Here's a weird thing I've noticed about going to Bollywood movies: For as much as they are often very star-driven - I've mentioned the crazy credit that Rajnikanth gets at the start of his movies before, and the posters shown on iMovieCafe are often nothing but the stars with nothing about the movie - the previews almost never mention them by name. I saw the trailer for Mary Kom three or four times, for instance, and I didn't realize it was a Priyanka Chopra movie until I was looking it up on IMDB a week or so ago. Which struck me as weird, as she's a pretty big star and this is very much a star vehicle.

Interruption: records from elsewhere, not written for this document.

(* Let $Q$ be a groupoid quantale with base locale $A$ and let $X$ be a stably supported $Q$-module with support $\varsigma_X:X\to A$. Then the map $A\to X$, $a\mapsto a\triangleright1_X$, is right adjoint to $\varsigma_X$. In particular $\varsigma_X$ preserves arbitrary joins, and the support of $X$ is unique.
   Context: Let $A$ be a locale. An involutive $A$-$A$-quantale $Q$ is a sup-lattice with commuting unital left and right $A$-actions $a\triangleright q$, $q\triangleleft a$, an associative join-preserving multiplication compatible with them ($(a\triangleright x)y=a\triangleright(xy)$, $(x\triangleleft a)y=x(a\triangleright y)$, $(xy)\triangleleft a=x(y\triangleleft a)$), and a join-preserving involution with $x^{**}=x$, $(xy)^*=y^*x^*$, $(a\triangleright x\triangleleft b)^*=b\triangleright x^*\triangleleft a$. A support is a sup-lattice homomorphism $\varsigma_Q:Q\to A$ with $\varsigma_Q(1_Q)=1_A$, $\varsigma_Q(x)\triangleright y\le xx^*y$, $\varsigma_Q(x)\triangleright x=x$; equivariant if $\varsigma_Q(a\triangleright x)=a\wedge\varsigma_Q(x)$. A groupoid quantale is such a $Q$ which is a frame with $(a\triangleright q)\wedge m=a\triangleright(q\wedge m)$, $m\wedge(q\triangleleft a)=(q\wedge m)\triangleleft a$, with an equivariant support and a frame homomorphism $\upsilon:Q\to A$ with $\upsilon(a\triangleright1_Q)=a=\upsilon(1_Q\triangleleft a)$, such that the right adjoint of $Q\otimes_AQ\to Q$ preserves joins, $\bigvee_{xy\le a}\upsilon(x)\triangleright y=a$ and $\upsilon(a)\triangleright1_Q=\bigvee_{xx^*\le a}x$. A $Q$-module is a locale $X$ with a left $Q$-module action $q\cdot x$ and a unital left $A$-module structure $a\triangleright x$ with $(a\triangleright q)\cdot x=a\triangleright(q\cdot x)$, $(q\triangleleft a)\cdot x=q\cdot(a\triangleright x)$, $a\triangleright(x\wedge y)=(a\triangleright x)\wedge y$. A pre-Hilbert $Q$-module has $\langle-,-\rangle:X\times X\to Q$ with $\langle q\cdot x,y\rangle=q\langle x,y\rangle$, $a\triangleright\langle x,1_X\rangle=\langle a\triangleright x,1_X\rangle$, $\langle\bigvee x_\alpha,y\rangle=\bigvee\langle x_\alpha,y\rangle$, $\langle x,y\rangle=\langle y,x\rangle^*$. A support on it is a monotone $\varsigma_X:X\to A$ with $\varsigma_X(1_X)=1_A$, $\varsigma_X(x)\triangleright1_X\le\langle x,x\rangle\cdot1_X$, $\varsigma_X(x)\triangleright x=x$; it is stable if $\varsigma_X(q\cdot x)\le\varsigma_Q(q)$ for all $q,x$. *)

Unset Implicit Arguments.
Unset Strict Implicit.

Record CLat := {
  car :> Type;
  le : car -> car -> Prop;
  sup : (car -> Prop) -> car;
  le_refl : forall x, le x x;
  le_trans : forall x y z, le x y -> le y z -> le x z;
  le_antisym : forall x y, le x y -> le y x -> x = y;
  sup_ub : forall S x, S x -> le x (sup S);
  sup_least : forall S y, (forall x, S x -> le x y) -> le (sup S) y }.

Arguments le {c} _ _.
Arguments sup {c} _.

Definition top (L : CLat) : L := sup (fun _ => True).
Definition meet {L : CLat} (x y : L) : L := sup (fun z => le z x /\ le z y).

Definition img {T : Type} {L : Type} (S : T -> Prop) (f : T -> L) : L -> Prop :=
  fun y => exists t, S t /\ f t = y.

Definition is_frame (L : CLat) : Prop :=
  forall (a : L) (S : L -> Prop), meet a (sup S) = sup (img S (meet a)).

Record Frame := { fr :> CLat; fr_distr : is_frame fr }.

Definition sl_hom {L M : CLat} (f : L -> M) : Prop :=
  forall S : L -> Prop, f (sup S) = sup (img S f).

Definition frame_hom {L M : CLat} (f : L -> M) : Prop :=
  sl_hom f /\ (forall x y, f (meet x y) = meet (f x) (f y)) /\ f (top L) = top M.

Unset Implicit Arguments.
(* unital left module over the locale A (a quantale with multiplication = meet) *)
Definition is_unital_lmodA (A : CLat) (L : CLat) (act : A -> L -> L) : Prop :=
  (forall a b x, act a (act b x) = act (meet a b) x) /\
  (forall x, act (top A) x = x) /\
  (forall (S : A -> Prop) x, act (sup S) x = sup (img S (fun a => act a x))) /\
  (forall a (T : L -> Prop), act a (sup T) = sup (img T (act a))).

Definition is_unital_rmodA (A : CLat) (L : CLat) (act : L -> A -> L) : Prop :=
  (forall a b x, act (act x a) b = act x (meet a b)) /\
  (forall x, act x (top A) = x) /\
  (forall (S : A -> Prop) x, act x (sup S) = sup (img S (fun a => act x a))) /\
  (forall a (T : L -> Prop), act (sup T) a = sup (img T (fun x => act x a))).

Unset Implicit Arguments.
Record IAAQuantale (A : Frame) := {
  Qlat :> CLat;
  qla : A -> Qlat -> Qlat;
  qra : Qlat -> A -> Qlat;
  qmul : Qlat -> Qlat -> Qlat;
  qinv : Qlat -> Qlat;
  q_lmod : is_unital_lmodA A Qlat qla;
  q_rmod : is_unital_rmodA A Qlat qra;
  q_comm_act : forall a b x, qra (qla a x) b = qla a (qra x b);
  q_assoc : forall x y z, qmul (qmul x y) z = qmul x (qmul y z);
  q_mul_supl : forall (S : Qlat -> Prop) y, qmul (sup S) y = sup (img S (fun x => qmul x y));
  q_mul_supr : forall x (S : Qlat -> Prop), qmul x (sup S) = sup (img S (qmul x));
  q_compat1 : forall a x y, qmul (qla a x) y = qla a (qmul x y);
  q_compat2 : forall a x y, qmul (qra x a) y = qmul x (qla a y);
  q_compat3 : forall a x y, qra (qmul x y) a = qmul x (qra y a);
  q_inv_sup : forall S : Qlat -> Prop, qinv (sup S) = sup (img S qinv);
  q_inv_inv : forall x, qinv (qinv x) = x;
  q_inv_mul : forall x y, qinv (qmul x y) = qmul (qinv y) (qinv x);
  q_inv_act : forall a b x, qinv (qra (qla a x) b) = qra (qla b (qinv x)) a }.

Arguments qla {A} _ _ _.
Arguments qra {A} _ _ _.
Arguments qmul {A} _ _ _.
Arguments qinv {A} _ _.

Definition is_Q_support {A : Frame} (Q : IAAQuantale A) (s : Q -> A) : Prop :=
  sl_hom s /\ s (top Q) = top A /\
  (forall x y, le (qla Q (s x) y) (qmul Q (qmul Q x (qinv Q x)) y)) /\
  (forall x, qla Q (s x) x = x).

Definition equivariant {A : Frame} (Q : IAAQuantale A) (s : Q -> A) : Prop :=
  forall a x, s (qla Q a x) = meet a (s x).

(* Elements of the tensor product Q (x)_A Q of the right A-module Q and the
   left A-module Q are represented (as usual) by the "tensor ideals": subsets
   of Q x Q that are down-closed, closed under joins (including the empty
   join) in each variable, and balanced: (x<|a, y) in S <-> (x, a|>y) in S.
   They are ordered by inclusion; the join of a family of tensor ideals is the
   least tensor ideal containing their union. *)
Definition tens_ideal {A : Frame} (Q : IAAQuantale A) (S : Q -> Q -> Prop) : Prop :=
  (forall x y x' y', S x y -> le x' x -> le y' y -> S x' y') /\
  (forall (T : Q -> Prop) y, (forall x, T x -> S x y) -> S (sup T) y) /\
  (forall x (T : Q -> Prop), (forall y, T y -> S x y) -> S x (sup T)) /\
  (forall x a y, S (qra Q x a) y <-> S x (qla Q a y)).

Definition tens_join {A : Frame} (Q : IAAQuantale A)
  (F : (Q -> Q -> Prop) -> Prop) : Q -> Q -> Prop :=
  fun x y => forall S, tens_ideal Q S ->
    (forall T, F T -> forall x' y', T x' y' -> S x' y') -> S x y.

(* The multiplication Q (x)_A Q -> Q sends a tensor ideal S to
   \/ {x y | (x,y) in S}; its right adjoint sends q to the tensor ideal
   {(x,y) | x y <= q}. *)
Definition mul_radj {A : Frame} (Q : IAAQuantale A) (q : Q) : Q -> Q -> Prop :=
  fun x y => le (qmul Q x y) q.

Definition mul_radj_preserves_joins {A : Frame} (Q : IAAQuantale A) : Prop :=
  forall (P : Q -> Prop) x y,
    mul_radj Q (sup P) x y <->
    tens_join Q (fun T => exists q, P q /\ T = mul_radj Q q) x y.

Record GroupoidQuantale (A : Frame) := {
  gq :> IAAQuantale A;
  gq_frame : is_frame gq;
  gq_la_meet : forall (a : A) (q m : gq), meet (qla gq a q) m = qla gq a (meet q m);
  gq_ra_meet : forall (a : A) (q m : gq), meet m (qra gq q a) = qra gq (meet q m) a;
  gq_supp : gq -> A;
  gq_supp_ok : is_Q_support gq gq_supp;
  gq_supp_equiv : equivariant gq gq_supp;
  gq_ups : gq -> A;
  gq_ups_hom : frame_hom gq_ups;
  gq_ups_l : forall a : A, gq_ups (qla gq a (top gq)) = a;
  gq_ups_r : forall a : A, gq_ups (qra gq (top gq) a) = a;
  gq_tensor : mul_radj_preserves_joins gq;
  gq_cond1 : forall a : gq,
      sup (fun z => exists x y, le (qmul gq x y) a /\ z = qla gq (gq_ups x) y) = a;
  gq_cond2 : forall a : gq,
      qla gq (gq_ups a) (top gq) = sup (fun x => le (qmul gq x (qinv gq x)) a) }.

Arguments gq_supp {A} _ _.

Record PreHilbertModule {A : Frame} (Q : IAAQuantale A) := {
  Xfr :> Frame;
  xq : Q -> Xfr -> Xfr;
  xa : A -> Xfr -> Xfr;
  inner : Xfr -> Xfr -> Q;
  x_qmod_mul : forall q r x, xq (qmul Q q r) x = xq q (xq r x);
  x_qmod_supl : forall (S : Q -> Prop) x, xq (sup S) x = sup (img S (fun q => xq q x));
  x_qmod_supr : forall q (T : Xfr -> Prop), xq q (sup T) = sup (img T (xq q));
  x_amod : is_unital_lmodA A Xfr xa;
  x_compat1 : forall a q x, xq (qla Q a q) x = xa a (xq q x);
  x_compat2 : forall a q x, xq (qra Q q a) x = xq q (xa a x);
  x_compat3 : forall a x y, xa a (meet x y) = meet (xa a x) y;
  inner_q : forall q x y, inner (xq q x) y = qmul Q q (inner x y);
  inner_a : forall a x, qla Q a (inner x (top Xfr)) = inner (xa a x) (top Xfr);
  inner_sup : forall (S : Xfr -> Prop) y, inner (sup S) y = sup (img S (fun x => inner x y));
  inner_sym : forall x y, inner x y = qinv Q (inner y x) }.

Arguments xq {A Q} _ _ _.
Arguments xa {A Q} _ _ _.
Arguments inner {A Q} _ _ _.

Definition is_X_support {A : Frame} {Q : IAAQuantale A} (X : PreHilbertModule Q)
  (s : X -> A) : Prop :=
  (forall x y, le x y -> le (s x) (s y)) /\
  s (top X) = top A /\
  (forall x, le (xa X (s x) (top X)) (xq X (inner X x x) (top X))) /\
  (forall x, xa X (s x) x = x).

Definition stable {A : Frame} {Q : IAAQuantale A} (sQ : Q -> A)
  (X : PreHilbertModule Q) (s : X -> A) : Prop :=
  forall q x, le (s (xq X q x)) (sQ q).


(* If [sX x <= a] then [x = sX x |> x <= a |> 1].  Conversely, the support axiom
   at [1_X] gives [1_X <= <1,1> . 1_X <= 1_Q . 1_X], hence
   [a |> 1_X <= (a |> 1_Q) . 1_X], and stability with equivariance yield
   [sX (a |> 1_X) <= sQ (a |> 1_Q) = a /\ sQ 1_Q <= a].  Join preservation and
   uniqueness are then general facts about left adjoints. *)

Definition adjunction {L M : CLat} (f : L -> M) (g : M -> L) : Prop :=
  forall x y, le (f x) y <-> le x (g y).

Section LatticeFacts.

Variables L M : CLat.

Lemma le_top (x : L) : le x (top L).
Proof. apply sup_ub. exact I. Qed.

Lemma meet_le_l (x y : L) : le (meet x y) x.
Proof. apply sup_least. intros z [Hzx _]. exact Hzx. Qed.

Lemma sl_hom_monotone (f : L -> M) : sl_hom f -> forall x y, le x y -> le (f x) (f y).
Proof.
  intros Hf x y Hxy.
  assert (Hpair : sup (fun z => z = x \/ z = y) = y).
  { apply le_antisym.
    - apply sup_least. intros z [-> | ->]; [exact Hxy | apply le_refl].
    - apply sup_ub. right. reflexivity. }
  rewrite <- Hpair, Hf. apply sup_ub. exists x. split; [left |]; reflexivity.
Qed.

Lemma left_adjoint_monotone (f : L -> M) (g : M -> L) :
  adjunction f g -> forall x y, le x y -> le (f x) (f y).
Proof.
  intros Hfg x y Hxy. apply Hfg.
  apply le_trans with y; [exact Hxy |]. apply Hfg, le_refl.
Qed.

Lemma left_adjoint_sl_hom (f : L -> M) (g : M -> L) : adjunction f g -> sl_hom f.
Proof.
  intros Hfg S. apply le_antisym.
  - apply Hfg, sup_least. intros x Hx. apply Hfg, sup_ub. exists x. split; auto.
  - apply sup_least. intros z [x [Hx <-]].
    apply (left_adjoint_monotone f g Hfg), sup_ub. exact Hx.
Qed.

Lemma left_adjoint_unique (f f' : L -> M) (g : M -> L) :
  adjunction f g -> adjunction f' g -> forall x, f' x = f x.
Proof.
  intros Hfg Hf'g x. apply le_antisym.
  - apply Hf'g, Hfg, le_refl.
  - apply Hfg, Hf'g, le_refl.
Qed.

End LatticeFacts.

Section SupportAdjunction.

Variables (A : Frame) (Q : IAAQuantale A) (X : PreHilbertModule Q).

Lemma xa_monotone_r (a : A) (x y : X) : le x y -> le (xa X a x) (xa X a y).
Proof.
  apply sl_hom_monotone. intros T. apply (proj2 (proj2 (proj2 (x_amod _ X)))).
Qed.

Lemma xa_monotone_l (x : X) (a b : A) : le a b -> le (xa X a x) (xa X b x).
Proof.
  apply (sl_hom_monotone A X (fun c => xa X c x)).
  intros S. apply (proj1 (proj2 (proj2 (x_amod _ X)))).
Qed.

Lemma xq_monotone_l (x : X) (p q : Q) : le p q -> le (xq X p x) (xq X q x).
Proof.
  apply (sl_hom_monotone Q X (fun r => xq X r x)).
  intros S. apply x_qmod_supl.
Qed.

Variables (sQ : Q -> A) (sX : X -> A).
Hypothesis sQ_equiv : equivariant Q sQ.
Hypothesis sX_support : is_X_support X sX.
Hypothesis sX_stable : stable sQ X sX.

Lemma top_le_qtop_act : le (top X) (xq X (top Q) (top X)).
Proof.
  destruct sX_support as [_ [Htop [Hinner _]]].
  pose proof (Hinner (top X)) as H1. rewrite Htop in H1.
  rewrite (proj1 (proj2 (x_amod _ X))) in H1.
  eapply le_trans; [exact H1 |]. apply xq_monotone_l, le_top.
Qed.

Lemma support_act_top_le (a : A) : le (sX (xa X a (top X))) a.
Proof.
  destruct sX_support as [Hmono _].
  apply le_trans with (sX (xq X (qla Q a (top Q)) (top X))).
  - apply Hmono. rewrite x_compat1. apply xa_monotone_r, top_le_qtop_act.
  - eapply le_trans; [apply sX_stable |]. rewrite sQ_equiv. apply meet_le_l.
Qed.

Lemma support_adjunction : adjunction sX (fun a => xa X a (top X)).
Proof.
  destruct sX_support as [Hmono [_ [_ Hfix]]].
  intros x a. split; intro H.
  - rewrite <- (Hfix x). eapply le_trans.
    + apply xa_monotone_r, le_top.
    + apply xa_monotone_l. exact H.
  - apply le_trans with (sX (xa X a (top X))).
    + apply Hmono. exact H.
    + apply support_act_top_le.
Qed.

End SupportAdjunction.

Theorem lemma4p3 (A : Frame) (Q : GroupoidQuantale A) (X : PreHilbertModule Q)
  (sX : X -> A)
  (hsupp : is_X_support X sX) (hstab : stable (gq_supp Q) X sX) :
  (* a |-> a |> 1_X is right adjoint to sX *)
  (forall (x : X) (a : A), le (sX x) a <-> le x (xa X a (top X))) /\
  (* sX preserves arbitrary joins *)
  (forall S : X -> Prop, sX (sup S) = sup (img S sX)) /\
  (* uniqueness of the (stable) support *)
  (forall s' : X -> A, is_X_support X s' -> stable (gq_supp Q) X s' ->
     forall x, s' x = sX x).
Proof.
  pose proof (support_adjunction A Q X _ sX (gq_supp_equiv A Q) hsupp hstab) as Hadj.
  split; [exact Hadj |]. split.
  - exact (left_adjoint_sl_hom X A sX _ Hadj).
  - intros s' hs' hst'.
    exact (left_adjoint_unique X A sX s' _ Hadj
             (support_adjunction A Q X _ s' (gq_supp_equiv A Q) hs' hst')).
Qed.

Now, to a certain extent this is just not being immersed in someone else's pop culture; if I were Hindi, I'd see Ms. Chopra on posters, in advertisements, on whatever the Indian equivalent of Entertainment Tonight or Letterman is, and I'd just know her, even if she is transforming herself a bit for this part. Then again, that's not always the case; I don't always recognize Tom Hardy, for instance, and he's a guy I really like. I'd think that Chopra is part of what you'd want to push about the movie, more aggressively than the film's advertising does.
Producers get billed in the previews though, though, which is kind of curious - are movie producers the sort of recognizable brands that bear promotion in India? Or is it more an ego thing? I find it rather odd that Indian studios seem to think that fixing the name of the producers in the audience's minds at the end of a preview is more effective than doing so with the stars.
The other side of this is the opening credits for the films, where in addition to the studio and production company logos there is a huge string of sponsors and partners. This isn't unique to Bollywood, though they usually come during the end credits in the Chinese and Japanese films which have a bunch of them. This one was unusually long, the sort of length where one is tempted to start yelling for them to start the actual movie already, or maybe take down a list to see who got the most product-placement bang for their buck. It does make you appreciate Hollywood, where the big multimedia collossi don't need to sell such prominent sponsorship (but let's not give them any ideas).
Mary Kom
* * ¾ (out of four)
Seen 6 September 2014 in Regal Fenway #5 (first-run, DCP)
Mary Kom opens with the title character going into labor in the middle of an armed rebellion in 2007, and that's the sort of thing that one might think would have been a bit of a bigger factor in a story which does come back to regional tensions later. It doesn't quite fit the inspirational sports narrative, which may be why it's pushed off to the side until it can fit that structure, albeit oddly. It's a good sports movie, although moments like that certainly highlight just how much it's playing from the standard playbook.
The dangerous streets cast her mind back sixteen years, when young Mangte Chungneijang Kom (Mridul Satam) finds a boxing glove in the wreckage after a plane crash in Kangathei, Manipur and becomes attached right away, much to the chagrin of her father Tonpa (Robin Das). Chungneijang grows into a pugnacious teenager, taking swings at her friend's crappy boyfriend, until the chase leads her (Priyanka Chopra) into a gym where she makes an impression on coach M. Narjit Singh (Sunil Thapa). She soon becomes one of India's top female boxers under the name "MC Mary Kom", meeting soccer player Onler (Darshan Kumaar) along the way. There are challenges, both in the form of corrupt federation official Sharma (Shakti Sinha) and motherhood.
There is a regular arc to this sort of movie - inspiration, commitment, championship, injury, comeback - and pregnancy is a different twist on the "injury" portion of that narrative. That the story is familiar isn't necessarily a bad thing, even if it likely does mean distorting the true-life story somewhat. It would be nice if it weren't done so nakedly; as much as real lives don't always resolve things in a way that fits tidily in a screenplay, the script by Saiwyn Quadras has a tendency to bring things up that are dramatic in the moment but not really explore them: There's never a sense of why Chungneijang is lashing out so much, for instance, and though there is occasional talk about discrimination and neglect toward Manipur versus other regions of India, it doesn't happen on-screen in an impactful way - the moments when this may be going on can come across as Chungneijang digging a hole for herself.